Left to right, Eric Dixon, Katie Dollarhide and Brad Shepherd dropped off petitions at Senate Majority Leader Mitch McConnell’s office in London on Monday.
Left to right, Eric Dixon, Katie Dollarhide and Brad Shepherd dropped off petitions at Senate Majority Leader Mitch McConnell’s office in London on Monday. Photo provided

As the clock runs down on the 114th Congress, some Kentuckians are making a last-ditch effort on behalf of people and places hit hard by the coal industry’s decline.

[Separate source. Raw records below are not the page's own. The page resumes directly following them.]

Lemma tauberian_lb :
  forall e : R, 0 < e -> exists N, forall m n, (N <= m)%N -> (N <= n)%N -> l - u m n <= e.
Proof.
move=> e e0; have e20 : 0 < e / 2 by rewrite divr_gt0.
have [lam lam1 [N1 slowN]] := slow e20.
pose th := (1 + lam) / 2; have th1 : 1 < th by rewrite /th ltr_pdivlMr; lra.
have thlam : th < lam by rewrite /th ltr_pdivrMr; lra.
have C0 : 0 < gap_factor th ^+ 2 by rewrite exprn_gt0// divr_gt0; lra.
pose rho := e / 2 / gap_factor th ^+ 2; have rho0 : 0 < rho by rewrite divr_gt0.
have [n0 near] := summable rho0.
pose A := maxn N1 n0.
have /cvgryPgt/(_ (lam * P A))[Mp _ PM] := wp.2.
have /cvgryPgt/(_ (lam * Q A))[Mq _ QM] := wq.2.
exists (maxn Mp Mq) => m n; rewrite !geq_max => /andP[Mpm _] /andP[_ Mqn].
have [a [/andP[Aa am] Pam Pma]] := exists_psum_last_lt p_gt0 (ltW lam1) (PM m Mpm).
have [c [/andP[Ac cn] Qcn Qnc]] := exists_psum_last_lt q_gt0 (ltW lam1) (QM n Mqn).
have thPa : th * P a <= P m.
  apply/ltW/(le_lt_trans _ Pam).
  by rewrite ler_wpM2r ?(ltW thlam) ?(ltW (psum_gt0 p_gt0 a)).
have thQc : th * Q c <= Q n.
  apply/ltW/(le_lt_trans _ Qcn).
  by rewrite ler_wpM2r ?(ltW thlam) ?(ltW (psum_gt0 q_gt0 c)).
suff : l - (u m n + e / 2) <= rho * gap_factor th ^+ 2.
  rewrite /rho divfK ?gt_eqF//; lra.
apply: (rect_wmean_ub (u := u) p_gt0 q_gt0 th1 thPa thQc (ltnW am) (ltnW cn)).
  move=> x y ax cy; apply/ltW/near.
    by rewrite (leq_trans _ ax)// (leq_trans _ Aa)// leq_maxr.
  by rewrite (leq_trans _ cy)// (leq_trans _ Ac)// leq_maxr.
move=> i j /andP[ai im] /andP[cj jn].
have N1i : (N1 <= i)%N by rewrite (leq_trans _ (ltnW ai))// (leq_trans _ Aa)// leq_maxl.
have N1j : (N1 <= j)%N by rewrite (leq_trans _ (ltnW cj))// (leq_trans _ Ac)// leq_maxl.
suff : u i j - e / 2 < u m n by lra.
apply: slowN => //; apply/andP; split.
- exact: psum_le.
- apply: le_trans Pma _; rewrite ler_wpM2l ?(ltW (lt_trans ltr01 lam1))//.
  exact: psum_le.
- exact: psum_le.
- apply: le_trans Qnc _; rewrite ler_wpM2l ?(ltW (lt_trans ltr01 lam1))//.
  exact: psum_le.
Qed.

Lemma tauberian : ratio_to_one p -> ratio_to_one q -> Pconv u l.
Proof.
move=> ratio_p ratio_q e e0; have e20 : 0 < e / 2 by rewrite divr_gt0.
have [N1 ub] := tauberian_ub ratio_p ratio_q e20.
have [N2 lb] := tauberian_lb e20.
exists (maxn N1 N2) => m n; rewrite !geq_max => /andP[N1m N2m] /andP[N1n N2n].
have := ub m n N1m N1n; have := lb m n N2m N2n.
by rewrite ltr_norml => ? ?; apply/andP; split; lra.
Qed.

End tauberian.

Section lebesgue_shift.
Variable R : realType.

Lemma measurable_shift (h : R) :
  measurable_fun (T := measurableTypeR R) (U := measurableTypeR R) [set: R] (+%R^~ h).
Proof. by apply: measurable_realfun.measurable_funD => //; exact: measurable_cst. Qed.

Lemma lebesgue_measure_shift (h : R) (A : set R) : measurable A ->
  lebesgue_measure ((+%R^~ h) @^-1` A) = lebesgue_measure A.
Proof.
move=> mA; symmetry.
unshelve refine (@lebesgue_measure_unique R
  (@pushforward _ _ (measurableTypeR R) (measurableTypeR R) R lebesgue_measure
    (+%R^~ h)) _ A mA); first exact: measurable_shift.
move=> X [[a b] _ <-] /=; rewrite /pushforward.
have -> : +%R^~ h @^-1` `]a, b] = `]a - h, b - h]%classic.
  by apply/seteqP; split => x /=; rewrite !in_itv /= ltrBlDr lerBrDr.
rewrite !lebesgue_measure_itv /= !lte_fin ltrD2r.
by case: ifP => // _; rewrite -!EFinD; congr (_%:E); ring.
Qed.

(* Otherwise [A] and [A - h] would be disjoint subsets of [[-1/4, 1]], of total
   measure [2 * lebesgue_measure A > 3/2 > 5/4]. *)
Lemma lebesgue_shift_overlap (A : set R) (h : R) : measurable A -> A `<=` `[0, 1]%classic ->
  0 <= h <= 1/4 -> ((3/4)%:E < lebesgue_measure A)%E -> exists x, A x /\ A (x + h).
Proof.
move=> mA A01 /andP[h0 h14] A34; apply: contrapT => no_overlap.
set B := (+%R^~ h) @^-1` A.
have mB : measurable B.
  by rewrite /B -[X in measurable X]setTI; exact: measurable_shift.
have AB0 : A `&` B = set0.
  by apply/seteqP; split => // x [Ax Bx]; apply: no_overlap; exists x.
have AB_sub : A `|` B `<=` `[-(1/4), 1].
  move=> x [/A01|/A01]; rewrite /= !in_itv /= => /andP[x0 x1]; apply/andP; split; lra.
have AB2A : lebesgue_measure (A `|` B) = (lebesgue_measure A + lebesgue_measure A)%E.
  by rewrite measureU//; congr (_ + _)%E; exact: lebesgue_measure_shift.
have : (lebesgue_measure (A `|` B) <= lebesgue_measure (`[-(1/4), 1]%classic%R : set R))%E.
  by apply: le_measure => //; rewrite inE//; exact: measurableU.
rewrite AB2A lebesgue_measure_itv /= lte_fin ifT; last lra.
move/(lt_le_trans (lteD A34 A34)); rewrite -EFinD -EFinB lte_fin; lra.
Qed.

End lebesgue_shift.

Section slowly_varying_sequences.
Variables (R : realType) (L : R -> R).
Hypothesis L_sv : slowly_varying L.

Let L_gt0 t : 0 < t -> 0 < L t. Proof. by case: L_sv => L_gt0 _; exact: L_gt0. Qed.

Lemma slowly_varying_nat (lam e : R) : 0 < lam -> 0 < e ->
  exists K, forall n, (K <= n)%N ->
    (1 - e) * L n.+1%:R <= L (lam * n.+1%:R) <= (1 + e) * L n.+1%:R.
Proof.
move=> lam0 e0; have [_ [_ /(_ lam lam0) L_ratio]] := L_sv.
have nat_cvg : (fun n : nat => n.+1%:R : R) @ \oo --> +oo.
  apply/cvgryPge => A; near=> n; apply: le_trans (_ : n%:R <= _); last by rewrite ler_nat.
  by near: n; exact: nbhs_infty_ger.
have /cvgrPdist_le/(_ e e0)[K _ near_one] := cvg_comp _ _ nat_cvg L_ratio.
exists K => n /near_one /=; rewrite ler_distlC => /andP[lo hi].
by rewrite -ler_pdivlMr ?L_gt0// lo -ler_pdivrMr ?L_gt0// hi.
Unshelve. all: by end_near.
Qed.

Definition sv_good_set (e : R) (K : nat) : set R :=
  \bigcap_(n in [set n | (K <= n)%N])
    (`[0, 1] `&` (fun x => L (expR x * n.+1%:R)) @^-1`
       `[(1 - e) * L n.+1%:R, (1 + e) * L n.+1%:R]).
Theorem proposition17 (K : numClosedFieldType) (p n : nat)
    (C : {set svec p n}) (lam : qop K p n -> K) (I J : {set 'I_n}) :
  prime p ->
  linear_code C ->
  symp_self_orth C ->
  stab_character C lam ->
  I != set0 -> I \proper J -> J \proper [set: 'I_n] ->
  locally_recoverable (stab_code C lam) I J ->
  code_shorten I (code_puncture J (symp_dual C)) = code_shorten I C.
Proof.
move=> p_pr C_lin C_so lam_char _ /properP[subIJ _] _ [_ _ [ks [_ recover]]].
apply/setP => z; apply/imsetP/imsetP => -[v + ->]; rewrite inE => /andP[].
- case/imsetP => y y_dual -> yJ_supp; exists (sproj I y); last by rewrite !sproj_sproj ?subxx.
  rewrite inE ssupp_sproj subsetIl andbT.
  exact: (sproj_inside_code p_pr C_lin lam_char subIJ recover y_dual
            (ssupp_sproj_subUC yJ_supp)).
- move=> Cv v_supp; exists (sproj J v); last by rewrite !sproj_sproj ?subxx.
  rewrite inE imset_f ?(subsetP C_so) //= ssupp_sproj.
  exact: subset_trans (subsetIr _ _) v_supp.
Qed.
(* For every program $P$, state $s$ and natural number $n$, $$\mathrm{conv}\,F_n(P,s)=\{\mu\mid \langle P,s\rangle\Downarrow^{\mathcal S,n}\mu\ \text{for some scheduler }\mathcal S\},$$ where $\mathrm{conv}$ denotes the convex hull (set of finite convex combinations).
   Context: Fix a set $S$ of states. For a set $X$, $\mathcal V_{=1,\omega}(X)$ (resp. $\mathcal V_{\le1,\omega}(X)$) is the set of finitely supported probability (resp. subprobability) distributions on $X$, written as finite formal sums $\sum_i p_i\cdot x_i$; $\bot$ is the zero distribution and $1\cdot x=\delta_x$ the point mass; ordered, added and scaled pointwise. For each atomic program $\mathtt a$ a function $[\![\mathtt a]\!]:S\to\mathcal V_{=1,\omega}(S)$ is given, and for each condition $\mathtt b$ a function $[\![\mathtt b]\!]:S\to\{\mathtt{tt},\mathtt{ff}\}$. Programs: $P::=\mathtt{skip}\mid\mathtt a\mid P;P\mid P\parallel P\mid P+_{\mathtt p}P\mid P+P\mid\mathtt{if}\ \mathtt b\ \mathtt{then}\ P\ \mathtt{else}\ P\mid\mathtt{while}\ \mathtt b\ P$ ($\mathtt p\in[0,1]\cap\mathbb Q$). The small-step relation $\longrightarrow\subseteq(\mathrm{Pr}\times S)\times\mathcal V_{=1,\omega}(S+\mathrm{Pr}\times S)$ is the least relation closed under: $\langle\mathtt a,s\rangle\to[\![\mathtt a]\!](s)$; $\langle\mathtt{skip},s\rangle\to1\cdot s$; if $\langle P,s\rangle\to\sum_ip_i\langle P_i,s_i\rangle+\sum_jp_j s_j$ then $\langle P;Q,s\rangle\to\sum_ip_i\langle P_i;Q,s_i\rangle+\sum_jp_j\langle Q,s_j\rangle$ and $\langle P\parallel Q,s\rangle\to\sum_ip_i\langle P_i\parallel Q,s_i\rangle+\sum_jp_j\langle Q,s_j\rangle$; if $\langle Q,s\rangle\to\sum_ip_i\langle Q_i,s_i\rangle+\sum_jp_js_j$ then $\langle P\parallel Q,s\rangle\to\sum_ip_i\langle P\parallel Q_i,s_i\rangle+\sum_jp_j\langle P,s_j\rangle$; if $\langle P,s\rangle\to\mu$ and $\langle Q,s\rangle\to\nu$ then $\langle P+_{\mathtt p}Q,s\rangle\to\mathtt p\cdot\mu+(1-\mathtt p)\cdot\nu$; if $\langle P,s\rangle\to\mu$ or $\langle Q,s\rangle\to\mu$ then $\langle P+Q,s\rangle\to\mu$; $\langle\mathtt{if}\ \mathtt b\ \mathtt{then}\ P\ \mathtt{else}\ Q,s\rangle\to1\cdot\langle P,s\rangle$ if $[\![\mathtt b]\!](s)=\mathtt{tt}$, $\to1\cdot\langle Q,s\rangle$ otherwise; $\langle\mathtt{while}\ \mathtt b\ P,s\rangle\to1\cdot\langle P;\mathtt{while}\ \mathtt b\ P,s\rangle$ if $[\![\mathtt b]\!](s)=\mathtt{tt}$, $\to1\cdot s$ otherwise. Write $\langle P,s\rangle\!\longrightarrow=\{\mu\mid\langle P,s\rangle\to\mu\}$. Let $I=((\mathrm{Pr}\times S)\times\mathcal V_{=1,\omega}(S+\mathrm{Pr}\times S))^*\times(\mathrm{Pr}\times S)$, elements written $h\langle P,s\rangle$ ($h$ a history; juxtaposition extends histories). A scheduler is a partial function $\mathcal S:I\rightharpoonup\mathcal V_{=1,\omega}(S+\mathrm{Pr}\times S)$ whose value at $h\langle P,s\rangle$, when defined, is a finite convex combination of elements of $\langle P,s\rangle\!\longrightarrow$. Big-step: $h\langle P,s\rangle\Downarrow^{\mathcal S,0}\bot$; and $h\langle P,s\rangle\Downarrow^{\mathcal S,n+1}\sum_kp_k(\sum_ip_{k,i}\mu_{k,i}+\sum_jp_{k,j}s_{k,j})$ whenever $\mathcal S(h\langle P,s\rangle)=\sum_kp_k\nu_k$ with $\nu_k=\sum_ip_{k,i}\langle P_{k,i},s_{k,i}\rangle+\sum_jp_{k,j}s_{k,j}\in\langle P,s\rangle\!\longrightarrow$ and $h\langle P,s\rangle\nu_k\langle P_{k,i},s_{k,i}\rangle\Downarrow^{\mathcal S,n}\mu_{k,i}$ for all $k,i$; with empty history we write $\langle P,s\rangle\Downarrow^{\mathcal S,n}\mu$. Finite sets $F_n(P,s)\subseteq\mathcal V_{\le1,\omega}(S)$ are defined by $F_0(P,s)=\{\bot\}$ and $F_{n+1}(P,s)=\bigcup\{\sum_ip_i\cdot F_n(P_i,s_i)+\sum_jp_j\cdot\delta_{s_j}\mid\langle P,s\rangle\to\sum_ip_i\langle P_i,s_i\rangle+\sum_jp_js_j\}$, with Minkowski sums and scalings of sets. *)

From Stdlib Require Import Reals List QArith Qreals ClassicalEpsilon.
Import ListNotations.
Open Scope R_scope.

Definition eqb_cl {T : Type} (x y : T) : bool :=
  if excluded_middle_informative (x = y) then true else false.

Definition sumR (l : list R) : R := fold_right Rplus 0 l.

(* Finitely supported (sub)distributions are represented as functions X -> R.
   [enum_supp mu l]: l enumerates (without repetition) exactly the support of mu. *)
Definition enum_supp {X : Type} (mu : X -> R) (l : list X) : Prop :=
  NoDup l /\ forall x, In x l <-> mu x <> 0.

Definition is_fdist {X : Type} (mu : X -> R) : Prop :=
  (forall x, 0 <= mu x) /\ exists l, enum_supp mu l /\ sumR (map mu l) = 1.

Definition delta {X : Type} (x : X) : X -> R := fun y => if eqb_cl x y then 1 else 0.

Definition is_push {X Y : Type} (f : X -> Y) (mu : X -> R) (nu : Y -> R) : Prop :=
  exists l, enum_supp mu l /\
    forall y, nu y = sumR (map (fun x => if eqb_cl (f x) y then mu x else 0) l).

Section Lang.
Variables (St A B : Type).

Definition prob := { q : Q | (0 <= q <= 1)%Q }.

Inductive prog : Type :=
| Skip : prog
| Atom : A -> prog
| Seq : prog -> prog -> prog
| Par : prog -> prog -> prog
| PChoice : prob -> prog -> prog -> prog
| NChoice : prog -> prog -> prog
| Ite : B -> prog -> prog -> prog
| While : B -> prog -> prog.

Definition X := (St + (prog * St))%type.

Variable semA : A -> St -> St -> R.
Variable semB : B -> St -> bool.

Definition seq_map (Q : prog) (x : X) : X :=
  match x with inl t => inr (Q, t) | inr (P', t) => inr (Seq P' Q, t) end.
Definition parl_map (Q : prog) (x : X) : X :=
  match x with inl t => inr (Q, t) | inr (P', t) => inr (Par P' Q, t) end.
Definition parr_map (P : prog) (x : X) : X :=
  match x with inl t => inr (P, t) | inr (Q', t) => inr (Par P Q', t) end.

Inductive step : prog -> St -> (X -> R) -> Prop :=
| st_atom : forall a s,
    step (Atom a) s (fun x => match x with inl t => semA a s t | inr _ => 0 end)
| st_skip : forall s, step Skip s (delta (inl s))
| st_seq : forall P Q s mu nu,
    step P s mu -> is_push (seq_map Q) mu nu -> step (Seq P Q) s nu
| st_parl : forall P Q s mu nu,
    step P s mu -> is_push (parl_map Q) mu nu -> step (Par P Q) s nu
| st_parr : forall P Q s mu nu,
    step Q s mu -> is_push (parr_map P) mu nu -> step (Par P Q) s nu
| st_pchoice : forall (p : prob) P Q s mu nu,
    step P s mu -> step Q s nu ->
    step (PChoice p P Q) s
      (fun x => Q2R (proj1_sig p) * mu x + (1 - Q2R (proj1_sig p)) * nu x)
| st_nchoice_l : forall P Q s mu, step P s mu -> step (NChoice P Q) s mu
| st_nchoice_r : forall P Q s mu, step Q s mu -> step (NChoice P Q) s mu
| st_if_tt : forall b P Q s, semB b s = true -> step (Ite b P Q) s (delta (inr (P, s)))
| st_if_ff : forall b P Q s, semB b s = false -> step (Ite b P Q) s (delta (inr (Q, s)))
| st_while_tt : forall b P s, semB b s = true ->
    step (While b P) s (delta (inr (Seq P (While b P), s)))
| st_while_ff : forall b P s, semB b s = false -> step (While b P) s (delta (inl s)).

Definition hist := list ((prog * St) * (X -> R)).

Definition scheduler := hist -> prog -> St -> option (X -> R).

Definition conv_step (P : prog) (s : St) (nu : X -> R) : Prop :=
  exists ws : list (R * (X -> R)),
    Forall (fun w => 0 <= fst w /\ step P s (snd w)) ws /\
    sumR (map fst ws) = 1 /\
    forall x, nu x = sumR (map (fun w => fst w * snd w x) ws).

Definition valid_scheduler (sch : scheduler) : Prop :=
  forall h P s nu, sch h P s = Some nu -> conv_step P s nu.

(* contribution  Σ_i p_i μ_i + Σ_j p_j δ_{s_j}  of nu = Σ_i p_i <P_i,s_i> + Σ_j p_j s_j,
   where l enumerates the support of nu and mu x is the distribution attached to x *)
Definition combine (nu : X -> R) (l : list X) (mu : X -> St -> R) (t : St) : R :=
  sumR (map (fun x => nu x * match x with inl s' => delta s' t | inr _ => mu x t end) l).

Fixpoint bigstep (sch : scheduler) (n : nat) (h : hist) (P : prog) (s : St)
    (rho : St -> R) {struct n} : Prop :=
  match n with
  | O => forall t, rho t = 0
  | S n' =>
    exists (nu : X -> R) (ks : list (R * (X -> R) * list X * (X -> St -> R))),
      sch h P s = Some nu /\
      Forall (fun k =>
        let '(pk, nuk, lk, muk) := k in
        0 <= pk /\ step P s nuk /\ enum_supp nuk lk /\
        forall P' s', In (inr (P', s')) lk ->
          bigstep sch n' (h ++ [((P, s), nuk)]) P' s' (muk (inr (P', s')))) ks /\
      sumR (map (fun k => let '(pk, _, _, _) := k in pk) ks) = 1 /\
      (forall x, nu x = sumR (map (fun k => let '(pk, nuk, _, _) := k in pk * nuk x) ks)) /\
      (forall t, rho t =
         sumR (map (fun k => let '(pk, nuk, lk, muk) := k in pk * combine nuk lk muk t) ks))
  end.

Fixpoint Fset (n : nat) (P : prog) (s : St) (rho : St -> R) {struct n} : Prop :=
  match n with
  | O => forall t, rho t = 0
  | S n' =>
    exists (nu : X -> R) (l : list X) (mu : X -> St -> R),
      step P s nu /\ enum_supp nu l /\
      (forall P' s', In (inr (P', s')) l -> Fset n' P' s' (mu (inr (P', s')))) /\
      (forall t, rho t = combine nu l mu t)
  end.

End Lang.

Definition conv {Y : Type} (F : (Y -> R) -> Prop) (rho : Y -> R) : Prop :=
  exists ws : list (R * (Y -> R)),
    Forall (fun w => 0 <= fst w /\ F (snd w)) ws /\
    sumR (map fst ws) = 1 /\
    forall y, rho y = sumR (map (fun w => fst w * snd w y) ws).

(* A big-step run of length n+1 takes a
   convex combination of small steps and continues, from every reached configuration, with the
   scheduler below the extended history; by induction each continuation lies in conv F_n, and
   [combine] is affine in each continuation, so the result lies in conv F_(n+1).  Conversely, an
   element of conv F_(n+1) is a convex combination of steps whose continuations lie in F_n; after
   merging the steps with equal distributions, a scheduler is built by playing the combination at
   the root and grafting, by induction, a scheduler for each continuation onto the histories that
   extend the root step. *)

From Pilot Require Import Defs.
From Stdlib Require Import Reals List QArith Qreals ClassicalEpsilon Permutation Lra Lia.
Import ListNotations.
Open Scope R_scope.

Lemma sumR_app l1 l2 : sumR (l1 ++ l2) = sumR l1 + sumR l2.
Proof. induction l1; simpl; [ring | rewrite IHl1; ring]. Qed.

Lemma sumR_map_ext {T} (f g : T -> R) l :
  (forall x, In x l -> f x = g x) -> sumR (map f l) = sumR (map g l).
Proof. intro H; now rewrite (map_ext_in f g l H). Qed.

Lemma sumR_map_plus {T} (f g : T -> R) l :
  sumR (map (fun x => f x + g x) l) = sumR (map f l) + sumR (map g l).
Proof. induction l; simpl; [ring | rewrite IHl; ring]. Qed.

Lemma sumR_map_scal {T} c (f : T -> R) l :
  sumR (map (fun x => c * f x) l) = c * sumR (map f l).
Proof. induction l; simpl; [ring | rewrite IHl; ring]. Qed.

Lemma sumR_map_zero {T} (f : T -> R) l :
  (forall x, In x l -> f x = 0) -> sumR (map f l) = 0.
Proof. induction l; simpl; intros H; [ring |]. rewrite H, IHl; auto. ring. Qed.

Lemma sumR_perm l1 l2 : Permutation l1 l2 -> sumR l1 = sumR l2.
Proof. induction 1; simpl; lra. Qed.

Lemma sumR_flat_map {T U} (f : U -> R) (g : T -> list U) l :
  sumR (map f (flat_map g l)) = sumR (map (fun u => sumR (map f (g u))) l).
Proof. induction l; simpl; auto. now rewrite map_app, sumR_app, IHl. Qed.

Lemma NoDup_map_eq_in {T U} (f : T -> U) l a b :
  NoDup (map f l) -> In a l -> In b l -> f a = f b -> a = b.
Proof.
  induction l as [| c l IH]; simpl; intros Hnd Ha Hb E; [contradiction |].
  inversion Hnd as [| ? ? Hc Hnd']; subst.
  destruct Ha as [<- | Ha], Hb as [<- | Hb]; auto.
  - contradict Hc. rewrite E. now apply in_map.
  - contradict Hc. rewrite <- E. now apply in_map.
Qed.

Section ConvexHull.
Variable Y : Type.
Implicit Types (F G : (Y -> R) -> Prop) (a b rho : Y -> R).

As best we can figure, the two pieces of legislation they are championing face at least two major roadblocks:

▪  Politicians from Wyoming who insist that their state should be able to keep building sports arenas, roads and other non-mine related projects with money paid by the coal industry into a fund for repairing public hazards and environmental damage left over from mining that was done before 1977.

▪  Our own Mitch McConnell, the Senate’s powerful majority leader, who is a famous friend of coal but less a friend of coal miners, especially if they belong to the United Mine Workers of America, whose retirement benefits are at risk.

McConnnell on Tuesday did offer encouragement to the 16,000 UMWA retirees, including 3,000 Kentuckians, whose health benefits will expire at the end of this month unless Congress acts. McConnell said he has called on House Speaker Paul Ryan to include protection of the health benefits in the government funding resolution that must pass by Friday.

McConnell made no mention of the bipartisan plan to rescue the UMWA pensions, a rescue that would also save the federal agency that insures pensions from insolvency.

Sen. Joe Manchin, D-W.Va., was not impressed with McConnell’s stopgap, threatening to hold up the spending bill unless McConnell lets the Senate vote on the Miners Protection Act, saving UMWA pensions which are tottering because of coal industry bankruptcies.

The UMWA pension and health funds pump more than $100 million a year into Kentucky, in places hurting the most from the industry’s decline. McConnell’s sympathies lie with coal operators who dislike the miners union and with fellow Republicans who dislike all unions. But he would be truly cold-hearted to let the pension fund collapse at such a high cost to the coal communities that have entrusted him and other Republicans with their votes.

As for the westerners who insist that if they can’t have the abandoned mine lands money, no one can, we can only appeal to conscience. The money should go where the need is. Wyoming has documented needs of $68 million to repair such hazards as dangerous slides, polluted water and underground fires, according to the U.S. Office of Surface Mining. Kentucky has documented more than five times that much — $357 million in need — while Pennsylvania has almost $4 billion in need.

The RECLAIM Act, sponsored by Republican Rep. Hal Rogers of Kentucky, would accelerate $1 billion in payments that are already owed to Appalachia, where need is greatest and the money could put some miners back to work cleaning up the dangers left by the industry before Congress enacted reclamation requirements.

Members of Kentuckians for the Commonwealth have been delivering petitions supporting the two measures to McConnell’s offices in Kentucky and Washington. Thousands of Americans have signed the petitions. They understand what is fair and just. Does Congress?